Show That 2 − √3 Is an Irrational Number

Video Explanation

Watch the video below to understand the complete solution step by step:

Solution

Question: Show that the number 2 − √3 is irrational.

Step 1: Assume the Contrary

Assume that 2 − √3 is rational. Then it can be written in the form:

2 − √3 = p/q,

where p and q are integers having no common factors and q ≠ 0.

Step 2: Isolate √3

Rearranging the equation:

√3 = 2 − (p/q)

Step 3: Square Both Sides

3 = [2 − (p/q)]²

3 = 4 − (4p/q) + (p²/q²)

Multiply both sides by q²:

3q² = 4q² − 4pq + p²

Rearranging:

0 = p² − 4pq + q²

Step 4: Analyze the Equation

The equation

p² − 4pq + q² = 0

is a quadratic equation in p.
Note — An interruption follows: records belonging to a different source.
(* The parameterized problems \textsc{Cluster Editing}[cvd] and \textsc{Cluster Editing}[ce] do not admit a boundaried kernelization (of any computable size $f$).
   Context: A boundaried graph $G_B$ is a finite simple graph $G$ together with a set $B\subseteq V(G)$ (the boundary). For boundaried graphs $G_B$ and $H_C$ with $V(G)\cap V(H)\subseteq B\cap C$, the gluing $G_B\oplus H_C$ is the simple graph obtained from the disjoint union of $G$ and $H$ by identifying each vertex of $B\cap C$ in $G$ with the identically named vertex in $H$ (an edge present in both is kept once). For an isomorphism-invariant optimization problem $\Pi$ on graphs with optimum value $\mathrm{OPT}_\Pi(G)$, two $B$-boundaried graphs $G_B,G'_B$ are gluing equivalent w.r.t. $\Pi$ and $B$, written $G_B\equiv_{\Pi,B}G'_B$, if there is $\Delta\in\mathbb{Z}$ with $\mathrm{OPT}_\Pi(G_B\oplus H_B)=\mathrm{OPT}_\Pi(G'_B\oplus H_B)+\Delta$ for every boundaried graph $H_B$. For a pure graph minimization problem $\rho$, a $\rho$-solution of $G$ is a feasible solution $s$ with value $\rho(G,s)$. For computable $f$, a boundaried kernelization of size $f$ for $\Pi[\rho]$ is a polynomial-time algorithm that, given a boundaried graph $G_B$ and a $\rho$-solution $s$ of $G$, outputs a boundaried graph $G'_B$ with $G_B\equiv_{\Pi,B}G'_B$, a $\rho$-solution $s'$ of $G'$ with $|G'|,|s'|,\rho(G',s')\le f(|B|+\rho(G,s))$ (encoding sizes), and an integer $\Delta$ with $\mathrm{OPT}_\Pi(G_B\oplus H_B)=\mathrm{OPT}_\Pi(G'_B\oplus H_B)+\Delta$ for all $H_B$. A cluster graph is a disjoint union of cliques. \textsc{Cluster Editing} (ce) is the minimization problem whose feasible solutions on $G$ are sets $E$ of vertex pairs such that the graph with edge set $E(G)\triangle E$ is a cluster graph, with value $|E|$. \textsc{Cluster Vertex Deletion} (cvd) is the minimization problem whose feasible solutions are $S\subseteq V(G)$ with $G-S$ a cluster graph, value $|S|$. $\Pi$[cvd], $\Pi$[ce] denote $\rho=$ cvd, resp. $\rho=$ ce, with $\Pi=$ \textsc{Cluster Editing}. *)

From HB Require Import structures.
From mathcomp Require Import all_boot all_order all_algebra.
From mathcomp Require Import finmap.
Set Implicit Arguments. Unset Strict Implicit. Unset Printing Implicit Defensive.
Import GRing.Theory.
Local Open Scope fset_scope.

Record graph := Graph { vs : {fset nat}; adj : rel nat }.

Definition wf_graph (G : graph) : Prop :=
  [/\ (forall u v, adj G u v -> (u \in vs G) && (v \in vs G)),
      (forall u v, adj G u v = adj G v u) &
      (forall u, ~~ adj G u u)].

Definition bgraph_wf (G : graph) (B : {fset nat}) : Prop :=
  wf_graph G /\ B `<=` vs G.

Definition is_cluster (V : {fset nat}) (e : rel nat) : Prop :=
  exists c : nat -> nat,
    forall x y, x \in V -> y \in V -> x != y -> e x y = (c x == c y).

Definition cvd_feasible (G : graph) (S : {fset nat}) : Prop :=
  S `<=` vs G /\ is_cluster (vs G `\` S) (adj G).
Definition cvd_value (G : graph) (S : {fset nat}) : nat := #|` S|.

(* Cluster Editing: a set of unordered vertex pairs, each stored as (u,v)
   with u < v; the edited graph has edge set E(G) symmetric-difference E. *)
Definition ce_feasible (G : graph) (E : {fset (nat * nat)}) : Prop :=
  (forall p, p \in E -> [&& p.1 < p.2, p.1 \in vs G & p.2 \in vs G]) /\
  is_cluster (vs G) (fun x y => addb (adj G x y) ((minn x y, maxn x y) \in E)).
Definition ce_value (G : graph) (E : {fset (nat * nat)}) : nat := #|` E|.

Definition is_opt (S : Type) (feas : graph -> S -> Prop) (val : graph -> S -> nat)
  (G : graph) (k : nat) : Prop :=
  (exists s, feas G s /\ val G s = k) /\ (forall s, feas G s -> k <= val G s).

Definition opt_ce (G : graph) (k : nat) : Prop := is_opt ce_feasible ce_value G k.

(* Gluing G_B (+) H_C: disjoint union of G and H with the vertices of B :&: C
   identified.  To keep the union disjoint, vertex names are re-encoded:
   a shared vertex b becomes 3b, a private vertex v of G becomes 3v+1, a
   private vertex v of H becomes 3v+2. *)
Definition decode (tag : nat) (BC : {fset nat}) (x : nat) : option nat :=
  if x %% 3 == 0 then (if x %/ 3 \in BC then Some (x %/ 3) else None)
  else if x %% 3 == tag then (if x %/ 3 \notin BC then Some (x %/ 3) else None)
  else None.

Definition lift_adj (e : rel nat) (tag : nat) (BC : {fset nat}) : rel nat :=
  fun x y => match decode tag BC x, decode tag BC y with
             | Some u, Some v => e u v
             | _, _ => false
             end.

Definition glue (G : graph) (B : {fset nat}) (H : graph) (C : {fset nat}) : graph :=
  let BC := B `&` C in
  Graph ([fset (3 * b)%N | b in BC]
           `|` [fset (3 * v + 1)%N | v in vs G `\` BC]
           `|` [fset (3 * v + 2)%N | v in vs H `\` BC])
        (fun x y => lift_adj (adj G) 1 BC x y || lift_adj (adj H) 2 BC x y).

(* Sizes: number of vertices of G' and value of s'
   (for both cvd and ce, |s'| equals rho(G', s')). *)
Definition boundaried_kernelization (S : Type) (feas : graph -> S -> Prop)
  (val : graph -> S -> nat) (f : nat -> nat)
  (K : graph -> {fset nat} -> S -> graph * S * int) : Prop :=
  forall (G : graph) (B : {fset nat}) (s : S),
    bgraph_wf G B -> feas G s ->
    let G' := (K G B s).1.1 in
    let s' := (K G B s).1.2 in
    let D := (K G B s).2 in
    [/\ bgraph_wf G' B, feas G' s',
        #|` vs G'| <= f (addn #|` B| (val G s)),
        val G' s' <= f (addn #|` B| (val G s)) &
        forall H : graph, bgraph_wf H B ->
          forall k k', opt_ce (glue G B H B) k -> opt_ce (glue G' B H B) k' ->
            (Posz k = Posz k' + D)%R].

From mathcomp Require Import all_boot all_order all_algebra.
From mathcomp Require Import finmap zify.
From Stdlib Require Import Classical.
Set Implicit Arguments. Unset Strict Implicit. Unset Printing Implicit Defensive.
Local Open Scope fset_scope.
Local Open Scope nat_scope.

(* Feed the kernel the clique K_n with boundary {0} and the empty solution, so
   the parameter is 1 and the kernel returns some G' with at most f(1) vertices,
   gluing equivalent to K_n with some offset D.  Gluing a single vertex leaves
   K_n a cluster graph, hence D <= 0.  Gluing a second copy of K_n through 0
   creates the n - 1 induced paths i - 0 - i', pairwise without common vertex
   pairs, so at least n - 1 edits are needed; on the other side, deleting the
   edges of G' not present in K_n costs at most |G'|^2 edits.  Thus
   n - 1 <= |G'|^2 <= f(1)^2, which fails for n = f(1)^2 + 2. *)

Local Notation upair x y := (minn x y, maxn x y).

Lemma decode_shared t BC u :
  decode t BC (3 * u) = if u \in BC then Some u else None.
Proof. by rewrite /decode modnMr mulKn. Qed.

Lemma decode_private t BC u : 0 < t < 3 ->
  decode t BC (3 * u + t) = if u \notin BC then Some u else None.
Proof.
move=> ht; rewrite /decode.
have ->: (3 * u + t) %% 3 = t by lia.
have ->: (3 * u + t) %/ 3 = u by lia.
by rewrite eqxx; case: t ht.
Qed.

Lemma decode_other t t' BC u : 0 < t' < 3 -> t != t' ->
  decode t BC (3 * u + t') = None.
Proof.
move=> ht' ntt'; rewrite /decode.
have ->: (3 * u + t') %% 3 = t' by lia.
by case: t' ht' ntt' => //= t' _; rewrite eq_sym => /negbTE ->.
Qed.

Lemma decode_SomeP t BC x u : 0 < t < 3 -> decode t BC x = Some u ->
  (x = 3 * u /\ u \in BC) \/ (x = 3 * u + t /\ u \notin BC).
Proof.
move=> ht; rewrite /decode.
case: ifP => [/eqP x0|_]; first by case: ifP => // uBC [<-]; left; split => //; lia.
by case: ifP => [/eqP xt|//]; case: ifP => // uBC [<-]; right; split => //; lia.
Qed.

Lemma decode_inj t BC x y u : 0 < t < 3 ->
  decode t BC x = Some u -> decode t BC y = Some u -> x = y.
Proof.
move=> ht /(decode_SomeP ht) hx /(decode_SomeP ht) hy.
case: hx hy => [[-> uBC]|[-> uBC]] [[-> uBC']|[-> uBC']] //.
- by move: uBC'; rewrite uBC.
- by move: uBC; rewrite uBC'.
Qed.

Lemma mem_glueP G B H x : x \in vs (glue G B H B) ->
  [\/ exists2 b, b \in B `&` B & x = 3 * b,
      exists2 v, v \in vs G `\` (B `&` B) & x = 3 * v + 1 |
      exists2 v, v \in vs H `\` (B `&` B) & x = 3 * v + 2].
Proof.
rewrite !in_fsetU => /orP[/orP[]|] /imfsetP[v hv ->].
- by constructor 1; exists v.
- by constructor 2; exists v.
- by constructor 3; exists v.
Qed.

Lemma mem_glue_shared G B H b : b \in B `&` B -> 3 * b \in vs (glue G B H B).
Proof. by move=> hb; rewrite !in_fsetU in_imfset. Qed.

Lemma mem_glue_left G B H v :
  v \in vs G `\` (B `&` B) -> 3 * v + 1 \in vs (glue G B H B).
Proof. by move=> hv; rewrite !in_fsetU (in_imfset _ (fun v => 3 * v + 1)) ?orbT. Qed.

Lemma mem_glue_right G B H v :
  v \in vs H `\` (B `&` B) -> 3 * v + 2 \in vs (glue G B H B).
Proof. by move=> hv; rewrite !in_fsetU (in_imfset _ (fun v => 3 * v + 2)) ?orbT. Qed.

Lemma lift_adj_sym e t BC : symmetric e -> symmetric (lift_adj e t BC).
Proof.
by move=> sym x y; rewrite /lift_adj; case: (decode t BC x); case: (decode t BC y).
Qed.

Lemma glue_adj_sym G B H : wf_graph G -> wf_graph H -> symmetric (adj (glue G B H B)).
Proof.
case=> _ symG _ [_ symH _] x y /=.
by rewrite (lift_adj_sym _ _ symG) (lift_adj_sym _ _ symH).
Qed.

Lemma leq_card_fsetM (T T' : choiceType) (A : {fset T}) (B : {fset T'}) :
  #|` A `*` B| <= #|` A| * #|` B|.
Proof.
rewrite /fsetM unlock /= size_seq_fset (leq_trans (size_undup _)) //.
by rewrite size_allpairs.
Qed.

Lemma is_opt_exists (S : Type) (feas : graph -> S -> Prop) (val : graph -> S -> nat) G :
  (exists s, feas G s) -> exists k, is_opt feas val G k.
Proof.
move=> [s0 hs0]; apply: NNPP => noopt.
suff noval k : forall s, feas G s -> val G s <> k by exact: noval _ s0 hs0 erefl.
elim/ltn_ind: k => k IH s hs hsk; apply: noopt; exists k; split; first by exists s.
by move=> s' hs'; rewrite leqNgt; apply/negP => /IH /(_ s' hs'); apply.
Qed.

Definition edit_set (G : graph) (e : rel nat) : {fset nat * nat} :=
  [fset p in vs G `*` vs G | (p.1 < p.2) && (adj G p.1 p.2 != e p.1 p.2)].

Lemma mem_edit_set G e x y : ((x, y) \in edit_set G e) =
  [&& x \in vs G, y \in vs G, x < y & adj G x y != e x y].
Proof. by rewrite !inE /= !andbA. Qed.

Lemma sym_minn_maxn (r : rel nat) x y : symmetric r -> r (minn x y) (maxn x y) = r x y.
Proof. by move=> sym; case: leqP; rewrite // sym. Qed.

Lemma ce_feasible_edit_set G e : symmetric (adj G) -> symmetric e ->
  is_cluster (vs G) e -> ce_feasible G (edit_set G e).
Proof.
move=> symG syme [c hc]; split.
  by case=> x y; rewrite mem_edit_set => /and4P[-> -> -> _].
exists c => x y hx hy nxy; rewrite -hc // mem_edit_set !sym_minn_maxn //.
have lt_min_max : minn x y < maxn x y by move: nxy; rewrite neq_ltn; case/orP => h; lia.
have [-> ->] : minn x y \in vs G /\ maxn x y \in vs G by case: (leqP x y).
by rewrite lt_min_max; case: (adj G x y); case: (e x y).
Qed.

Lemma ce_feasible_exists G : symmetric (adj G) -> exists E, ce_feasible G E.
Proof.
move=> symG; exists (edit_set G (fun _ _ => false)).
by apply: ce_feasible_edit_set => //; exists id => x y _ _ /negbTE.
Qed.

Lemma opt_ce_exists G : symmetric (adj G) -> exists k, opt_ce G k.
Proof. by move/ce_feasible_exists; apply: is_opt_exists. Qed.

Lemma ce_feasible_fset0 G : is_cluster (vs G) (adj G) -> ce_feasible G fset0.
Proof. by case=> c hc; split=> //; exists c => x y hx hy nxy; rewrite in_fset0 addbF hc. Qed.

Lemma opt_ce_cluster G : is_cluster (vs G) (adj G) -> opt_ce G 0.
Proof. by move=> clG; split=> //; exists fset0; split; [exact: ce_feasible_fset0 | exact: cardfs0]. Qed.
(* Under the hypotheses of Theorem 2 (stated in the context), every limit point of the trial sequence $\{x^q\}$ generated by PLT is a global minimizer of $f$ on $[0,1]$.
   Context: Algorithm PLT (parallel information algorithm with local tuning) for minimizing $f$ on $[0,1]$; parameters: integer $N\ge1$, reliability parameter $r>1$, small number $\xi>0$. A ''trial'' is an evaluation of $f$ at a point. Step 0: perform $q(1)>1$ initial trials at $x^1=0$, $x^2=1$ and some interior points $x^3,\dots,x^{q(1)}\in(0,1)$; set $l=1$. At iteration $l$, let $q=q(l)$ be the number of trials made so far. Step 1: order all trial points as $0=x_1<x_2<\dots<x_q=1$ and set $z_i=f(x_i)$. Step 2: for $2\le j\le q$ compute $\mu_j=\max\{\lambda_j,\gamma_j,\xi\}$, where $\lambda_j=\max\{|z_i-z_{i-1}|/(x_i-x_{i-1})^{1/N}: i\in I_j\}$ with $I_2=\{2,3\}$, $I_j=\{j-1,j,j+1\}$ for $3\le j\le q-1$, $I_q=\{q-1,q\}$; and $\gamma_j=\mu\,(x_j-x_{j-1})^{1/N}/(X^{\max})^{1/N}$ with $\mu=\max\{|z_i-z_{i-1}|/(x_i-x_{i-1})^{1/N}:2\le i\le q\}$ and $X^{\max}=\max\{x_i-x_{i-1}:2\le i\le q\}$. Step 3: for $2\le j\le q$ compute the characteristic $R(j)=r\mu_j(x_j-x_{j-1})^{1/N}+\frac{(z_j-z_{j-1})^2}{r\mu_j(x_j-x_{j-1})^{1/N}}-(z_j+z_{j-1})$. Step 4: choose $p=p(l+1)\le q(l)-1$ and distinct indices $t_1,\dots,t_p$ being the indices of the $p$ largest characteristics ($t_1=\arg\max\{R(i):1<i\le q\}$, $t_k=\arg\max\{R(i):1<i\le q,\ i\ne t_s, 1\le s\le k-1\}$); the new trial points are $x^{q+k}=\tfrac12(x_{t_k-1}+x_{t_k})-\frac{1}{2r}\left(\frac{|z_{t_k}-z_{t_k-1}|}{\mu_{t_k}}\right)^N\operatorname{sign}(z_{t_k}-z_{t_k-1})$, $1\le k\le p$. Step 5: evaluate $f$ at these $p$ points in parallel, set $q(l+1)=q(l)+p(l+1)$, $l\leftarrow l+1$, and return to Step 1. Hypotheses of Theorem 2: $f:[0,1]\to\mathbb R$ satisfies $|f(x')-f(x'')|\le H|x'-x''|^{1/N}$; PLT runs indefinitely (stopping rule disregarded) producing trial points $\{x^q\}$; $p(l)\le Q<\infty$ for all $l>1$; $x^*$ is a global minimizer of $f$; for each iteration $l$, $j=j(l)$ indexes an interval $[x_{j-1},x_j]$ containing $x^*$, with $K_j=\max\{(z_{j-1}-f(x^* ))(x^*-x_{j-1})^{-1/N},(z_j-f(x^* ))(x_j-x^* )^{-1/N}\}$ and $M_j=|z_{j-1}-z_j|(x_j-x_{j-1})^{-1/N}$; and there is an infinite set of iteration numbers $\{h\}$ such that for all $l\in\{h\}$, $4^{1-1/N}K_j^2\ge M_j^2$ and $r\mu_j\ge 2^{1-1/N}K_j+(4^{1-1/N}K_j^2-M_j^2)^{1/2}$. *)

From Stdlib Require Import Reals Lra Lia Arith List.
Import ListNotations.
Open Scope R_scope.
Its discriminant is:

D = (−4q)² − 4(1)(q²)

D = 16q² − 4q²

D = 12q²

Since 12q² is not a perfect square for any non-zero integer q, this equation has no integer solution. This contradicts our assumption.

Final Answer

∴ The number 2 − √3 cannot be expressed as a ratio of two integers. Hence, 2 − √3 is an irrational number.

Conclusion

By assuming 2 − √3 to be rational and reaching a contradiction, we conclude that 2 − √3 is irrational.